Taken together, the available evidence suggests that naturally derived psilocybin presents a favorable but still preliminary benefit–risk profile. Observational and naturalistic studies across large and diverse populations consistently report perceived improvements in psychological well-being, mood, trauma-related symptoms, and personal growth, particularly when use occurs in intentional, supportive contexts. Adverse effects appear generally transient and primarily psychological, although these may be under-reported. Identified risks are largely context-dependent and modifiable, including polysubstance use, unsupervised settings, inappropriate dosing, and drug interactions.
However, the current evidence base is dominated by real-world observational data, with relatively few controlled trials using naturally derived preparations. Consequently, while the convergence of findings across epidemiological surveys, prospective naturalistic studies, and qualitative research supports therapeutic plausibility, causal effects and optimal safety parameters remain insufficiently established.
From a regulatory perspective, these findings suggest that naturally derived psilocybin warrants carefully regulated research and development pathways rather than categorical prohibition, particularly given the increasing prevalence of real-world use. Policy frameworks that facilitate controlled clinical studies, standardized cultivation and preparation practices, and evidence-based harm-reduction approaches could help clarify therapeutic potential while minimizing risks. Importantly, current evidence does not support meaningful pharmacological differences between naturally derived and synthetic psilocybin, suggesting that regulatory considerations should focus primarily on standardization, safety, and context of use.
Overall, the existing literature indicates that naturally derived psilocybin represents a promising but still investigational therapeutic candidate, with a risk profile that appears manageable under appropriate safeguards. Advancing the evidence base through rigorous trials, standardized reporting, and integration of real-world evidence will be essential to inform balanced policy and drug development decisions.

Author Contributions

S.E.-G. Conceptualization, Methodology, Data curation, Validation, Visualization, Writing—original Draft preparation; L.B. Writing—original Draft preparation, review and editing; A.R. Writing—original Draft preparation, Visualization, Writing—original Draft preparation, reviewing & editing; P.F.—Visualization, Writing—original Draft preparation, reviewing and editing; V.P. Conceptualization, Methodology, Data curation, Validation, Writing—original Draft preparation. All authors approve the final versions and assume full responsibility for their contributions and ensure that any concerns regarding the accuracy or integrity of the work, including sections the single authors did not directly write, are thoroughly addressed, resolved and documented. All authors have read and agreed to the published version of the manuscript.

Funding

This research received no external funding.

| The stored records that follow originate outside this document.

(* Intermediate values: every time between gamma a and gamma b is attained
   on [a, b]; this is how a point of the shadowing orbit is matched with a
   point of the shadowed segment. *)
Lemma reparam_ivt (a b s : R) :
  0 <= a <= b -> gamma a <= s <= gamma b -> exists u, a <= u <= b /\ gamma u = s.
Proof.
  intros Hab [Has Hsb].
  destruct (Rle_lt_or_eq_dec _ _ Has) as [Has'|<-]; [|exists a; split; [lra|reflexivity]].
  destruct (Rle_lt_or_eq_dec _ _ Hsb) as [Hsb' | ->]; [|exists b; split; [lra|reflexivity]].
  destruct (Rle_lt_or_eq_dec _ _ (proj2 Hab)) as [Hlt|<-]; [|lra].
  set (h u := gamma (Rmax 0 u) - s).
  assert (Hcont : continuity h).
  { apply (lipschitz_continuity h M HM). intros u v. unfold h.
    replace (gamma (Rmax 0 u) - s - (gamma (Rmax 0 v) - s))
      with (gamma (Rmax 0 u) - gamma (Rmax 0 v)) by ring.
    eapply Rle_trans; [apply reparam_lipschitz; apply Rmax_l|].
    apply Rmult_le_compat_l; [lra|apply Rmax0_nonexpansive]. }
  assert (Hclamp : forall u, 0 <= u -> h u = gamma u - s)
    by (intros u Hu; unfold h; now rewrite Rmax_right).
  destruct (IVT h a b Hcont Hlt) as [u [Hu Hzero]];
    [rewrite Hclamp by lra; lra | rewrite Hclamp by lra; lra |].
  exists u. split; [exact Hu|]. rewrite Hclamp in Hzero by lra. lra.
Qed.

End Reparametrization.

Lemma shift_nonneg (m g : nat -> R) (N : nat) :
  (forall j, (j < N)%nat -> 0 <= m j /\ 0 <= g j) ->
  forall j, (j <= N)%nat -> 0 <= shift m g j.
Proof.
  intros Hmg j. induction j as [|j IH]; intros Hj; simpl; [lra|].
  destruct (Hmg j) as [Hm Hg]; [lia|]. specialize (IH ltac:(lia)). lra.
Qed.

Lemma shift_succ (m g : nat -> R) (j : nat) : shift m g (S j) = shift m g j + m j + g j.
Proof. reflexivity. Qed.

Lemma testbit_high (k n i : nat) : (k < 2 ^ n)%nat -> (n <= i)%nat -> Nat.testbit k i = false.
Proof.
  intros Hk Hi. pose proof (Nat.testbit_spec' k i) as E.
  rewrite Nat.div_small in E.
  - simpl in E. destruct (Nat.testbit k i); simpl in E; [discriminate|reflexivity].
  - eapply Nat.lt_le_trans; [exact Hk|]. apply Nat.pow_le_mono_r; lia.
Qed.

Lemma testbit_distinct (k k' n : nat) :
  (k < 2 ^ n)%nat -> (k' < 2 ^ n)%nat -> k <> k' ->
  exists i, (i < n)%nat /\ Nat.testbit k i <> Nat.testbit k' i.
Proof.
  intros Hk Hk' Hne. apply NNPP. intros Hsame. apply Hne, Nat.bits_inj. intros i.
  destruct (Nat.lt_ge_cases i n) as [Hi|Hi].
  - destruct (Bool.bool_dec (Nat.testbit k i) (Nat.testbit k' i)) as [|Hdiff]; [assumption|].
    exfalso. apply Hsame. eauto.
  - rewrite !(testbit_high _ n i) by assumption. reflexivity.
Qed.

Lemma separated_of_indexed {X : Type} (d : X -> X -> R) (f : R -> X -> X)
  (Z : nat -> X) (N : nat) (t eps : R) :
  is_metric d -> 0 <= eps ->
  (forall k k', (k < N)%nat -> (k' < N)%nat -> k <> k' ->
     exists s, 0 <= s <= t /\ eps < d (f s (Z k)) (f s (Z k'))) ->
  separated d f t eps (map Z (seq 0 N)).
Proof.
  intros Hd Heps Hsep. split.
  - apply NoDup_map_NoDup_ForallPairs; [|apply seq_NoDup].
    intros k k' Hk Hk' HZ. apply in_seq in Hk, Hk'.
    destruct (Nat.eq_dec k k') as [|Hne]; [assumption|exfalso].
    destruct (Hsep k k' ltac:(lia) ltac:(lia) Hne) as [s [_ Hs]].
    rewrite HZ, metric_self in Hs by exact Hd. lra.
  - intros x y Hx Hy Hxy.
    apply in_map_iff in Hx as [k [<- Hk]]. apply in_map_iff in Hy as [k' [<- Hk']].
    apply in_seq in Hk, Hk'. apply Hsep; try lia. intros ->. now apply Hxy.
Qed.

Lemma exponential_separation_entropy {X : Type} (d : X -> X -> R) (f : R -> X -> X)
  (eps H : R) :
  0 < eps -> 0 < H ->
  (forall n, exists E, separated d f (INR n * H) eps E /\ length E = (2 ^ n)%nat) ->
  positive_entropy d f.
Proof.
  intros Heps HH Hfam.
  assert (Hln2 : 0 < ln 2) by (rewrite <- ln_1; apply ln_increasing; lra).
  exists eps. split; [exact Heps|].
  exists (ln 2 / (2 * H)). split; [apply Rdiv_lt_0_compat; lra|].
  intros T. destruct (INR_unbounded (Rmax 1 (T / H))) as [n Hn].
  pose proof (Rmax_l 1 (T / H)). pose proof (Rmax_r 1 (T / H)).
  destruct (Hfam n) as [E [Hsep Hlen]].
  exists (INR n * H). split; [|split].
  - assert (Hscale : T / H * H <= INR n * H) by (apply Rmult_le_compat_r; lra).
    replace (T / H * H) with T in Hscale by (field; lra). exact Hscale.
  - apply Rmult_lt_0_compat; lra.
  - exists E. split; [exact Hsep|].
    rewrite Hlen, pow_INR. replace (INR 2) with 2 by (simpl; lra).
    rewrite <- Rpower_pow by lra. apply exp_increasing.
    replace (ln 2 / (2 * H) * (INR n * H)) with (INR n * ln 2 / 2) by (field; lra).
    assert (0 < INR n * ln 2) by (apply Rmult_lt_0_compat; lra). lra.
Qed.

Lemma not_minimal_far_orbit {X : Type} (d : X -> X -> R) (f : R -> X -> X) :
  ~ minimal d f ->
  exists x0 y0 e0, 0 < e0 /\ forall t, 0 <= t -> e0 <= d (f t x0) y0.
Proof.
  intros Hnot. apply NNPP. intros Hnone. apply Hnot. intros x y e He.
  apply NNPP. intros Hnever. apply Hnone. exists x, y, e. split; [exact He|].
  intros t Ht. apply Rnot_lt_le. intros Hclose. apply Hnever. eauto.
Qed.

Section Visit_Schedules.
Variables (X : Type) (d : X -> X -> R) (f : R -> X -> X) (y0 : X) (eps Q : R)
  (lo hi : bool -> R).

Definition visit_schedule (n : nat) (b : nat -> bool) (z : X) (tau : nat -> R) : Prop :=
  tau 0%nat = 0 /\
  (forall i, (i < n)%nat -> lo (b i) <= tau (S i) - tau i <= hi (b i)) /\
  (forall i, (i <= n)%nat -> d (f (tau i) z) y0 < eps) /\
  (forall i, (i < n)%nat -> forall s, tau i + Q < s < tau (S i) - Q -> 2 * eps < d (f s z) y0).

Hypotheses (HQ : 0 <= Q) (Hlo : forall c, 2 * Q < lo c) (Hgap : 2 * Q + hi false < lo true).

Lemma interleaved_step (a a' e e' : R) (c c' : bool) :
  a' - Q <= a <= a' + Q ->
  lo c <= e - a <= hi c -> lo c' <= e' - a' <= hi c' ->
  ~ (a' + Q < e < e' - Q) -> ~ (a + Q < e' < e - Q) ->
  c = c' /\ e' - Q <= e <= e' + Q.
Proof.
  intros Hclose Hstep Hstep' Hout Hout'.
  pose proof (Hlo true). pose proof (Hlo false).
  destruct c, c'; (split; [reflexivity || (exfalso; lra) | lra]).
Qed.

Lemma schedules_code_agree (n : nat) (b b' : nat -> bool) (tau tau' : nat -> R) :
  tau 0%nat = 0 -> tau' 0%nat = 0 ->
  (forall i, (i < n)%nat -> lo (b i) <= tau (S i) - tau i <= hi (b i)) ->
  (forall i, (i < n)%nat -> lo (b' i) <= tau' (S i) - tau' i <= hi (b' i)) ->
  (forall i, (i < n)%nat -> ~ (tau' i + Q < tau (S i) < tau' (S i) - Q)) ->
  (forall i, (i < n)%nat -> ~ (tau i + Q < tau' (S i) < tau (S i) - Q)) ->
  forall i, (i < n)%nat -> b i = b' i.
Proof.
  intros H0 H0' Hstep Hstep' Hout Hout'.
  assert (Hprefix : forall j, (j <= n)%nat ->
            (forall i, (i < j)%nat -> b i = b' i) /\ tau' j - Q <= tau j <= tau' j + Q).
  { induction j as [|j IH]; intros Hj.
    - split; [intros; lia|]. rewrite H0, H0'. lra.
    - destruct IH as [Hagree Hclose]; [lia|].
      destruct (interleaved_step (tau j) (tau' j) (tau (S j)) (tau' (S j)) (b j) (b' j))
        as [Hbit Hclose']; auto with arith.
      split; [|exact Hclose'].
      intros i Hi. destruct (Nat.eq_dec i j) as [->|]; [exact Hbit|apply Hagree; lia]. }
  intros i Hi. exact (proj1 (Hprefix n (le_n n)) i Hi).
Qed.

Lemma schedule_bounded (H : R) (n : nat) (b : nat -> bool) (z : X) (tau : nat -> R) :
  (forall c, hi c <= H) -> visit_schedule n b z tau ->
  forall j, (j <= n)%nat -> 0 <= tau j <= INR n * H.
Proof.
  intros HH (H0 & Hstep & _).
  assert (Hgrow : forall j, (j <= n)%nat -> 0 <= tau j <= INR j * H).
  { induction j as [|j IH]; intros Hj; [rewrite H0; simpl; lra|].
    specialize (IH ltac:(lia)). pose proof (Hstep j ltac:(lia)).
    pose proof (Hlo (b j)). pose proof (HH (b j)). rewrite S_INR. lra. }
  intros j Hj. pose proof (Hgrow j Hj).
  destruct (Nat.eq_dec n 0) as [->|Hn]; [replace j with 0%nat in * by lia; lra|].
  assert (0 <= H) by (pose proof (Hstep 0%nat ltac:(lia)); pose proof (Hlo (b 0%nat));
                      pose proof (HH (b 0%nat)); lra).
  assert (INR j * H <= INR n * H) by (apply Rmult_le_compat_r; [lra|apply le_INR; exact Hj]).
  lra.
Qed.

(* Two points with schedules for different words are (n*H, eps)-separated:
   otherwise no visit of one could lie in a far window of the other. *)
Lemma schedules_separate (H : R) (n : nat) (b b' : nat -> bool) (z z' : X)
  (tau tau' : nat -> R) :
  is_metric d -> (forall c, hi c <= H) ->
  visit_schedule n b z tau -> visit_schedule n b' z' tau' ->
  (exists i, (i < n)%nat /\ b i <> b' i) ->
  exists s, 0 <= s <= INR n * H /\ eps < d (f s z) (f s z').
Proof.
  intros Hd HH Hz Hz' [i0 [Hi0 Hdiff]].
  apply NNPP. intros Hnot.
  assert (Hclose : forall s, 0 <= s <= INR n * H -> d (f s z) (f s z') <= eps).
  { intros s Hs. apply Rnot_lt_le. intros Hlt. apply Hnot. eauto. }
  pose proof (schedule_bounded H n b z tau HH Hz) as Hbd.
  pose proof (schedule_bounded H n b' z' tau' HH Hz') as Hbd'.
  destruct Hz as (H0 & Hstep & Hnear & Hfar).
  destruct Hz' as (H0' & Hstep' & Hnear' & Hfar').
  apply Hdiff. apply (schedules_code_agree n b b' tau tau'); auto.
  - intros i Hi Hwin.
    pose proof (Hfar' i Hi _ Hwin). pose proof (Hnear (S i) Hi).
    pose proof (Hclose _ (Hbd (S i) Hi)).
    pose proof (metric_reverse_triangle d (f (tau (S i)) z) (f (tau (S i)) z') y0 Hd).
    lra.
  - intros i Hi Hwin.
    pose proof (Hfar i Hi _ Hwin). pose proof (Hnear' (S i) Hi).
    pose proof (Hclose _ (Hbd' (S i) Hi)).
    pose proof (metric_reverse_triangle d (f (tau' (S i)) z') (f (tau' (S i)) z) y0 Hd).
    rewrite (metric_sym d (f (tau' (S i)) z') (f (tau' (S i)) z)) in * by exact Hd.
    lra.
Qed.

End Visit_Schedules.

Section Coded_Orbits.
Variables (X : Type) (d : X -> X -> R) (f : R -> X -> X) (x0 y0 : X) (e0 M : R)
  (len : bool -> R).
Hypotheses (Hd : is_metric d) (Hf0 : forall x, f 0 x = x)
  (Hfar : forall t, 0 <= t -> e0 <= d (f t x0) y0)
  (HM : 0 < M) (Hlen : forall c, 0 <= len c).

(* The orbit sequence coding the word b: even pieces are y0 for time 0, the
   piece 2i+1 is the x0-orbit for time len (b i). *)
Definition coded_points (j : nat) : X := if Nat.even j then y0 else x0.

Definition coded_lengths (b : nat -> bool) (j : nat) : R :=
  if Nat.even j then 0 else len (b (Nat.div2 j)).

Lemma coded_at_even (b : nat -> bool) (i : nat) :
  coded_points (2 * i) = y0 /\ coded_lengths b (2 * i) = 0.
Proof. unfold coded_points, coded_lengths. now rewrite Nat.even_even. Qed.

Lemma coded_at_odd (b : nat -> bool) (i : nat) :
  coded_points (S (2 * i)) = x0 /\ coded_lengths b (S (2 * i)) = len (b i).
Proof.
  unfold coded_points, coded_lengths.
  replace (S (2 * i)) with (2 * i + 1)%nat by lia.
  rewrite Nat.even_odd, Nat.add_1_r, Nat.div2_succ_double. now split.
Qed.

Lemma shift_coded_odd (b : nat -> bool) (g : nat -> R) (i : nat) :
  shift (coded_lengths b) g (S (2 * i)) = shift (coded_lengths b) g (2 * i) + g (2 * i)%nat.
Proof. rewrite shift_succ, (proj2 (coded_at_even b i)). ring. Qed.

Lemma shift_coded_even (b : nat -> bool) (g : nat -> R) (i : nat) :
  shift (coded_lengths b) g (2 * S i)
  = shift (coded_lengths b) g (S (2 * i)) + len (b i) + g (S (2 * i)).
Proof.
  replace (2 * S i)%nat with (S (S (2 * i))) by lia.
  now rewrite (shift_succ _ _ (S (2 * i))), (proj2 (coded_at_odd b i)).
Qed.

Section Shadowing_Point.
Variables (n : nat) (b : nat -> bool) (g : nat -> R) (gamma : R -> R) (z : X).
Hypotheses (Hg : forall j, (j + 1 < 2 * n + 1)%nat -> 0 <= g j <= M)
  (Hgamma : reparametrization M gamma)
  (Hshadow : shadowed d f (2 * n + 1) coded_points (coded_lengths b) g gamma (e0 / 3) z).

Let tau (i : nat) : R := gamma (shift (coded_lengths b) g (2 * i)).

Lemma coded_shift_nonneg (j : nat) : (j <= 2 * n)%nat -> 0 <= shift (coded_lengths b) g j.
Proof.
  apply shift_nonneg. intros i Hi. split; [|apply Hg; lia].
  unfold coded_lengths. destruct (Nat.even i); [lra|apply Hlen].
Qed.

Lemma coded_spacing (i : nat) : (i < n)%nat ->
  len (b i) / M <= tau (S i) - tau i <= M * (len (b i) + 2 * M).
Proof.
  intros Hi. unfold tau. rewrite shift_coded_even, shift_coded_odd.
  set (S0 := shift (coded_lengths b) g (2 * i)).
  assert (HS0 : 0 <= S0) by (apply coded_shift_nonneg; lia).
  destruct (Hg (2 * i)%nat) as [Hg1 Hg1']; [lia|].
  destruct (Hg (S (2 * i))) as [Hg2 Hg2']; [lia|].
  pose proof (Hlen (b i)).
  destruct (reparam_increment M gamma HM Hgamma S0
              (S0 + g (2 * i)%nat + len (b i) + g (S (2 * i)))) as [Hlow Hup]; [lra|lra|].
  split.
  - eapply Rle_trans; [|exact Hlow]. unfold Rdiv.
    apply Rmult_le_compat_r; [left; apply Rinv_0_lt_compat; lra|lra].
  - eapply Rle_trans; [exact Hup|]. apply Rmult_le_compat_l; lra.
Qed.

Institutional Review Board Statement

Not applicable.

Informed Consent Statement

Not applicable.

Data Availability Statement

No new data were created or analyzed in this study, Data sharing is not applicable.

Acknowledgments

During the preparation of this manuscript, the authors used AI (Claude v4.6) to assist with translation of foreign language mycology references. No AI tools were used to generate text in the manuscript.

Conflicts of Interest

The authors declare no conflicts of interest.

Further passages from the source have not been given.